**Saved data entries**
Lemma cf_rem_props i : irrational (cf_rem a i) /\ 0 < cf_rem a i < 1.
Proof.
  induction i as [|i [IHirr [IH0 IH1]]]; [simpl; auto|].
  simpl. destruct (base_Int_part (/ cf_rem a i)) as [B1 B2].
  split; [apply irrational_shift_inv; auto|split; [|lra]].
  destruct (Rle_lt_or_eq_dec 0 (/ cf_rem a i - IZR (Int_part (/ cf_rem a i))))
    as [L|E]; [lra|lra|].
  exfalso. apply (irrational_shift_inv _ (Int_part (/ cf_rem a i)) IHirr 0%Z 1%Z); [lia|].
  rewrite <- E. unfold Rdiv; simpl; ring.
Qed.

Lemma cf_pq_ge1 i : (1 <= cf_pq a (S i))%Z.
Proof.
  unfold cf_pq; simpl. destruct (cf_rem_props i) as [_ [X0 X1]].
  destruct (base_Int_part (/ cf_rem a i)) as [B1 B2].
  assert (1 < / cf_rem a i) by (rewrite <- Rinv_1; apply Rinv_lt_contravar; lra).
  assert (Hpos : IZR 0 < IZR (Int_part (/ cf_rem a i))) by (simpl; lra).
  apply lt_IZR in Hpos. lia.
Qed.

Lemma pq_bound_ge1 M : (forall j, (1 <= j)%nat -> (cf_pq a j <= M)%Z) -> 1 <= IZR M.
Proof.
  intros HM. apply IZR_le. pose proof (cf_pq_ge1 0). pose proof (HM 1%nat (le_n 1)). lia.
Qed.

Lemma cf_err_pos i : 0 < cf_err a i.
Proof. induction i; simpl; [lra|]. destruct (cf_rem_props i) as [_ [X0 X1]]. nra. Qed.

Lemma cf_err_decr i : cf_err a (S i) < cf_err a i.
Proof. simpl. destruct (cf_rem_props i) as [_ [X0 X1]]. pose proof (cf_err_pos i). nra. Qed.

Lemma cf_err_le1 i : cf_err a i <= 1.
Proof. induction i; [simpl; lra|]. pose proof (cf_err_decr i). lra. Qed.

Lemma cf_err_rec i : cf_err a i = IZR (cf_pq a (S i)) * cf_err a (S i) + cf_err a (S (S i)).
Proof.
  unfold cf_pq; simpl. destruct (cf_rem_props i) as [_ [X0 X1]]. field. lra.
Qed.

Lemma cf_err_ratio M j : (cf_pq a (S j) <= M)%Z ->
  cf_err a j <= (IZR M + 1) * cf_err a (S j).
Proof.
  intros HM. apply IZR_le in HM. rewrite (cf_err_rec j).
  pose proof (cf_err_decr (S j)). pose proof (cf_err_pos (S j)). nra.
Qed.

Lemma conv_xi_alternating i :
  (xi a (conv a i) = cf_err a i /\ xi a (conv a (S i)) = - cf_err a (S i)) \/
  (xi a (conv a i) = - cf_err a i /\ xi a (conv a (S i)) = cf_err a (S i)).
Proof.
  assert (Hrec : forall j, xi a (conv a (S (S j))) =
            IZR (cf_pq a (S j)) * xi a (conv a (S j)) + xi a (conv a j)).
  { intros j. unfold xi, conv; cbn [fst snd].
    rewrite cf_den_SS, cf_num_SS, !opp_IZR, !plus_IZR, !mult_IZR. ring. }
  induction i as [|i [[E1 E2]|[E1 E2]]].
  - right. unfold xi, conv; simpl. split; lra.
  - right. split; [exact E2|]. rewrite Hrec, E1, E2, (cf_err_rec i). lra.
  - left. split; [exact E2|]. rewrite Hrec, E1, E2, (cf_err_rec i). lra.
Qed.

Lemma conv_xi_abs i : Rabs (xi a (conv a i)) = cf_err a i.
Proof.
  pose proof (cf_err_pos i).
  destruct (conv_xi_alternating i) as [[E _]|[E _]]; rewrite E;
    [|rewrite Rabs_Ropp]; apply Rabs_pos_eq; lra.
Qed.

Lemma conv_xi_opposite i : xi a (conv a i) * xi a (conv a (S i)) <= 0.
Proof.
  pose proof (cf_err_pos i). pose proof (cf_err_pos (S i)).
  destruct (conv_xi_alternating i) as [[E1 E2]|[E1 E2]]; rewrite E1, E2; nra.
Qed.

Lemma cf_den_ge1 i : (0 <= cf_den a i)%Z /\ (1 <= cf_den a (S i))%Z.
Proof.
  induction i as [|i [IH0 IH1]]; [simpl; lia|].
  rewrite cf_den_SS. pose proof (cf_pq_ge1 i). split; nia.
Qed.

Lemma cf_den_mono i : (cf_den a i <= cf_den a (S i))%Z.
Proof.
  destruct i as [|i]; [simpl; lia|].
  rewrite cf_den_SS. pose proof (cf_pq_ge1 i). destruct (cf_den_ge1 i). nia.
Qed.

**REQUIREMENT**
Look through the data above and return exactly the lines from the one that contains "- right. split;" to the one that contains "destruct (conv_xi_alternating i) as [[E _]|[E", inclusive, with nothing else.

**RESULT**
  - right. split; [exact E2|]. rewrite Hrec, E1, E2, (cf_err_rec i). lra.
  - left. split; [exact E2|]. rewrite Hrec, E1, E2, (cf_err_rec i). lra.
Qed.

Lemma conv_xi_abs i : Rabs (xi a (conv a i)) = cf_err a i.
Proof.
  pose proof (cf_err_pos i).
  destruct (conv_xi_alternating i) as [[E _]|[E _]]; rewrite E;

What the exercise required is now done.